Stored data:
----
(* Let chi_L = A^T y.  For a k-space U inside a subspace S, the flats of
   direction U partition a coset e + S, so summing chi_L = A^T y over them
   shows that the number of members of L among them is the sum of y over
   e + S, which does not depend on U.  With S
   the whole space, every parallel class contains the same number s of
   members, hence |L| = s [n, k]_q and the parameter is s.
   Suppose s = 2.  The two members a + U, b + U of the class of U span the
   (k+1)-space W_U = U + <b - a>, which is the only (k+1)-space through U with
   a coset containing both members.  Take a (k+2)-space D containing W_{U0}:
   its coset through a holds two members of the class of U0, hence of every
   k-space of D, so W_U lies in D for every such U.  Choosing U2 in D but not
   in W_{U0} (possible as k >= 1), the hyperplanes W_{U0} and W_{U2} of D
   meet in a k-space U, and uniqueness forces W_{U0} = W_U = W_{U2}, which
   is absurd. *)

Section MatrixRank.
Variables (F : fieldType) (n : nat).

Lemma mxrank_adds_notin m (U : 'M[F]_(m, n)) (v : 'rV[F]_n) :
  ~~ (v <= U)%MS -> \rank (U + v)%MS = (\rank U).+1.
Proof.
move=> vU; have v0 : v != 0 by apply: contraNneq vU => ->; exact: sub0mx.
rewrite mxrank_disjoint_sum ?rank_rV ?v0 ?addn1 //; apply/eqP.
rewrite -submx0; apply: contraNT vU => capU0.
have : \rank (U :&: v)%MS == \rank v.
  by rewrite eqn_leq mxrankS ?capmxSr // rank_rV v0 lt0n mxrank_eq0 -submx0.
by rewrite (mxrank_leqif_sup (capmxSr U v)).2 sub_capmx => /andP[].
Qed.

Lemma row_free_col_mx m (v : 'rV[F]_n) (A : 'M[F]_(m, n)) :
  row_free (col_mx v A) = row_free A && ~~ (v <= A)%MS.
Proof.
rewrite /row_free -addsmxE addsmxC.
have [vA | vA] := boolP (v <= A)%MS.
  by rewrite andbF (addsmx_idPl vA) ltn_eqF // add1n ltnS rank_leq_row.
by rewrite mxrank_adds_notin // andbT.
Qed.

Lemma exists_submx_rank m (M : 'M[F]_(m, n)) r : (r <= \rank M)%N ->
  exists U : 'M[F]_n, (U <= M)%MS /\ \rank U = r.
Proof.
move=> rM; exists (pid_mx r *m row_base M); split.
  by rewrite (submx_trans (submxMl _ _)) ?eq_row_base.
by rewrite mxrankMfree ?row_base_free // rank_pid_mx // (leq_trans rM) ?rank_leq_col.
Qed.

Lemma exists_rV_notin m (W : 'M[F]_(m, n)) : (\rank W < n)%N ->
  exists z : 'rV[F]_n, ~~ (z <= W)%MS.
Proof.
move=> rW; have /row_subPn[i zW] : ~~ (1%:M <= W)%MS.
  by rewrite sub1mx /row_full ltn_eqF.
by exists (row i 1%:M).
Qed.

Lemma mxrank_cap_geq m1 m2 m3 (W1 : 'M[F]_(m1, n)) (W2 : 'M[F]_(m2, n)) (D : 'M[F]_(m3, n)) :
  (W1 <= D)%MS -> (W2 <= D)%MS ->
  (\rank W1 + \rank W2 <= \rank D + \rank (W1 :&: W2))%N.
Proof.
move=> W1D W2D; rewrite -mxrank_sum_cap leq_add2r mxrankS //.
by rewrite addsmx_sub W1D.
Qed.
----
Problem to work on: A single number is needed: the count of lines in the records that contain "space".

Answer to this task: 6